(* In the graph $\Gamma_n$, a set of edges $\{(A_1,i_1),(A_2,i_2),\dots,(A_n,i_n)\}$ is ample if $i_1,i_2,\dots,i_n$ are pairwise distinct.
   Context: $\Gamma_n$ is the directed graph whose vertices are all subsets of $\{1,\dots,n\}$ and whose edges are the pairs $(A,i)$ with $A\subseteq\{1,\dots,n\}$, $i\notin A$; the edge $(A,i)$ has tail $A\cup\{i\}$ and head $A$. A directed path is a sequence of edges $e_1,\dots,e_k$ with the head of $e_i$ equal to the tail of $e_{i+1}$; each vertex is joined to itself by the path of length $0$. A source is a vertex that is the head of no edge, a sink a vertex that is the tail of no edge (here the unique source is $\{1,\dots,n\}$ and the unique sink is $\emptyset$). A set $W$ of vertices is ample if (1) for every non-sink vertex $v$ there is $u\in W$ such that there is no directed path from $u$ to $v$, and (2) for every non-source vertex $v$ there is $w\in W$ such that there is no directed path from $v$ to $w$. A set of edges is ample if the set of all their heads and tails is ample. *)

From mathcomp Require Import all_boot.
Set Implicit Arguments. Unset Strict Implicit. Unset Printing Implicit Defensive.

(* Gamma_n: vertices are subsets of 'I_n (= {1..n} reindexed as {0..n-1}).
   An edge is a pair (A, i) with i \notin A; tail = A :|: [set i], head = A. *)
Definition vertex (n : nat) := {set 'I_n}.

Definition is_edge (n : nat) (e : {set 'I_n} * 'I_n) : bool := e.2 \notin e.1.
Definition head (n : nat) (e : {set 'I_n} * 'I_n) : {set 'I_n} := e.1.
Definition tail (n : nat) (e : {set 'I_n} * 'I_n) : {set 'I_n} := e.2 |: e.1.

Definition step (n : nat) : rel {set 'I_n} :=
  fun u v => [exists i : 'I_n, is_edge (v, i) && (tail (v, i) == u)].

Definition dpath (n : nat) (u v : {set 'I_n}) : bool := connect (@step n) u v.

Definition is_source (n : nat) (v : {set 'I_n}) : bool :=
  [forall e : {set 'I_n} * 'I_n, is_edge e ==> (head e != v)].
Definition is_sink (n : nat) (v : {set 'I_n}) : bool :=
  [forall e : {set 'I_n} * 'I_n, is_edge e ==> (tail e != v)].

Definition ample_vertices (n : nat) (W : {set {set 'I_n}}) : Prop :=
  (forall v : {set 'I_n}, ~~ is_sink v -> exists2 u, u \in W & ~~ dpath u v) /\
  (forall v : {set 'I_n}, ~~ is_source v -> exists2 w, w \in W & ~~ dpath v w).

Definition endpoints (n : nat) (E : {set {set 'I_n} * 'I_n}) : {set {set 'I_n}} :=
  [set head e | e in E] :|: [set tail e | e in E].

Definition ample_edges (n : nat) (E : {set {set 'I_n} * 'I_n}) : Prop :=
  ample_vertices (endpoints E).

From Pilot Require Import Defs.
From mathcomp Require Import all_boot.

(* Every edge removes one element, so a directed path can only shrink its
   vertex.  If every label j occurs on some edge (A, j) of E, then a non-sink v
   contains some j and cannot be reached from the head A, which misses j; dually
   a non-source v misses some j and cannot reach the tail j |: A.  Distinct
   labels i_1, ..., i_n exhaust all n labels. *)

Section Gamma.

Variable n : nat.
Implicit Types (u v : {set 'I_n}) (e : {set 'I_n} * 'I_n) (E : {set {set 'I_n} * 'I_n}).

Lemma dpath_subset u v : dpath u v -> v \subset u.
Proof.
case/connectP=> p + -> {v}; elim: p u => [|w p IHp] u /=; first by rewrite subxx.
case/andP=> /existsP [j /andP [_ /eqP <-]] /IHp w_sub.
by apply: subset_trans w_sub _; rewrite subsetUr.
Qed.

Lemma notin_dpath u v j : j \notin u -> j \in v -> ~~ dpath u v.
Proof. by move=> ju jv; apply/negP=> /dpath_subset /subsetP /(_ j jv); apply/negP. Qed.

Lemma non_sink_mem v : ~~ is_sink v -> exists j, j \in v.
Proof.
case/forallPn=> -[B j]; rewrite negb_imply negbK => /andP [_ /eqP <-].
by exists j; rewrite /tail setU11.
Qed.

Lemma non_source_notin v : ~~ is_source v -> exists j, j \notin v.
Proof.
case/forallPn=> -[B j]; rewrite negb_imply negbK => /andP [jB /eqP <-].
by exists j.
Qed.

Lemma head_endpoints E e : e \in E -> Defs.head e \in endpoints E.
Proof. by move=> eE; rewrite inE imset_f. Qed.

Lemma tail_endpoints E e : e \in E -> tail e \in endpoints E.
Proof. by move=> eE; rewrite inE imset_f ?orbT. Qed.

Lemma ample_edges_all_labels E :
  {in E, forall e, is_edge e} -> (forall j, exists2 e, e \in E & e.2 = j) ->
  ample_edges E.
Proof.
move=> E_edge E_labels; split=> v.
- case/non_sink_mem=> j; have [e eE <-] := E_labels j => ev.
  by exists (Defs.head e); [exact: head_endpoints | exact: notin_dpath (E_edge e eE) ev].
- case/non_source_notin=> j; have [e eE <-] := E_labels j => ev.
  by exists (tail e); [exact: tail_endpoints | apply: notin_dpath ev _; rewrite setU11].
Qed.

End Gamma.

Theorem proposition3p2p3 (n : nat) (A : 'I_n -> {set 'I_n}) (i : 'I_n -> 'I_n) :
  (forall k, is_edge (A k, i k)) ->
  injective i ->
  ample_edges [set (A k, i k) | k : 'I_n].
Proof.
move=> A_edge i_inj; apply: ample_edges_all_labels.
  by move=> _ /imsetP [k _ ->].
move=> j; have /codomP [k ->] : j \in codom i by apply: inj_card_onto.
by exists (A k, i k); rewrite ?imset_f.
Qed.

---

What is needed — The records need to be set down again without a single difference.

Exercise result —
(* In the graph $\Gamma_n$, a set of edges $\{(A_1,i_1),(A_2,i_2),\dots,(A_n,i_n)\}$ is ample if $i_1,i_2,\dots,i_n$ are pairwise distinct.
   Context: $\Gamma_n$ is the directed graph whose vertices are all subsets of $\{1,\dots,n\}$ and whose edges are the pairs $(A,i)$ with $A\subseteq\{1,\dots,n\}$, $i\notin A$; the edge $(A,i)$ has tail $A\cup\{i\}$ and head $A$. A directed path is a sequence of edges $e_1,\dots,e_k$ with the head of $e_i$ equal to the tail of $e_{i+1}$; each vertex is joined to itself by the path of length $0$. A source is a vertex that is the head of no edge, a sink a vertex that is the tail of no edge (here the unique source is $\{1,\dots,n\}$ and the unique sink is $\emptyset$). A set $W$ of vertices is ample if (1) for every non-sink vertex $v$ there is $u\in W$ such that there is no directed path from $u$ to $v$, and (2) for every non-source vertex $v$ there is $w\in W$ such that there is no directed path from $v$ to $w$. A set of edges is ample if the set of all their heads and tails is ample. *)

From mathcomp Require Import all_boot.
Set Implicit Arguments. Unset Strict Implicit. Unset Printing Implicit Defensive.

(* Gamma_n: vertices are subsets of 'I_n (= {1..n} reindexed as {0..n-1}).
   An edge is a pair (A, i) with i \notin A; tail = A :|: [set i], head = A. *)
Definition vertex (n : nat) := {set 'I_n}.

Definition is_edge (n : nat) (e : {set 'I_n} * 'I_n) : bool := e.2 \notin e.1.
Definition head (n : nat) (e : {set 'I_n} * 'I_n) : {set 'I_n} := e.1.
Definition tail (n : nat) (e : {set 'I_n} * 'I_n) : {set 'I_n} := e.2 |: e.1.

Definition step (n : nat) : rel {set 'I_n} :=
  fun u v => [exists i : 'I_n, is_edge (v, i) && (tail (v, i) == u)].

Definition dpath (n : nat) (u v : {set 'I_n}) : bool := connect (@step n) u v.

Definition is_source (n : nat) (v : {set 'I_n}) : bool :=
  [forall e : {set 'I_n} * 'I_n, is_edge e ==> (head e != v)].
Definition is_sink (n : nat) (v : {set 'I_n}) : bool :=
  [forall e : {set 'I_n} * 'I_n, is_edge e ==> (tail e != v)].

Definition ample_vertices (n : nat) (W : {set {set 'I_n}}) : Prop :=
  (forall v : {set 'I_n}, ~~ is_sink v -> exists2 u, u \in W & ~~ dpath u v) /\
  (forall v : {set 'I_n}, ~~ is_source v -> exists2 w, w \in W & ~~ dpath v w).

Definition endpoints (n : nat) (E : {set {set 'I_n} * 'I_n}) : {set {set 'I_n}} :=
  [set head e | e in E] :|: [set tail e | e in E].

Definition ample_edges (n : nat) (E : {set {set 'I_n} * 'I_n}) : Prop :=
  ample_vertices (endpoints E).

From Pilot Require Import Defs.
From mathcomp Require Import all_boot.

(* Every edge removes one element, so a directed path can only shrink its
   vertex.  If every label j occurs on some edge (A, j) of E, then a non-sink v
   contains some j and cannot be reached from the head A, which misses j; dually
   a non-source v misses some j and cannot reach the tail j |: A.  Distinct
   labels i_1, ..., i_n exhaust all n labels. *)

Section Gamma.

Variable n : nat.
Implicit Types (u v : {set 'I_n}) (e : {set 'I_n} * 'I_n) (E : {set {set 'I_n} * 'I_n}).

Lemma dpath_subset u v : dpath u v -> v \subset u.
Proof.
case/connectP=> p + -> {v}; elim: p u => [|w p IHp] u /=; first by rewrite subxx.
case/andP=> /existsP [j /andP [_ /eqP <-]] /IHp w_sub.
by apply: subset_trans w_sub _; rewrite subsetUr.
Qed.

Lemma notin_dpath u v j : j \notin u -> j \in v -> ~~ dpath u v.
Proof. by move=> ju jv; apply/negP=> /dpath_subset /subsetP /(_ j jv); apply/negP. Qed.

Lemma non_sink_mem v : ~~ is_sink v -> exists j, j \in v.
Proof.
case/forallPn=> -[B j]; rewrite negb_imply negbK => /andP [_ /eqP <-].
by exists j; rewrite /tail setU11.
Qed.

Lemma non_source_notin v : ~~ is_source v -> exists j, j \notin v.
Proof.
case/forallPn=> -[B j]; rewrite negb_imply negbK => /andP [jB /eqP <-].
by exists j.
Qed.

Lemma head_endpoints E e : e \in E -> Defs.head e \in endpoints E.
Proof. by move=> eE; rewrite inE imset_f. Qed.

Lemma tail_endpoints E e : e \in E -> tail e \in endpoints E.
Proof. by move=> eE; rewrite inE imset_f ?orbT. Qed.

Lemma ample_edges_all_labels E :
  {in E, forall e, is_edge e} -> (forall j, exists2 e, e \in E & e.2 = j) ->
  ample_edges E.
Proof.
move=> E_edge E_labels; split=> v.
- case/non_sink_mem=> j; have [e eE <-] := E_labels j => ev.
  by exists (Defs.head e); [exact: head_endpoints | exact: notin_dpath (E_edge e eE) ev].
- case/non_source_notin=> j; have [e eE <-] := E_labels j => ev.
  by exists (tail e); [exact: tail_endpoints | apply: notin_dpath ev _; rewrite setU11].
Qed.

End Gamma.

Theorem proposition3p2p3 (n : nat) (A : 'I_n -> {set 'I_n}) (i : 'I_n -> 'I_n) :
  (forall k, is_edge (A k, i k)) ->
  injective i ->
  ample_edges [set (A k, i k) | k : 'I_n].
Proof.
move=> A_edge i_inj; apply: ample_edges_all_labels.
  by move=> _ /imsetP [k _ ->].
move=> j; have /codomP [k ->] : j \in codom i by apply: inj_card_onto.
by exists (A k, i k); rewrite ?imset_f.
Qed.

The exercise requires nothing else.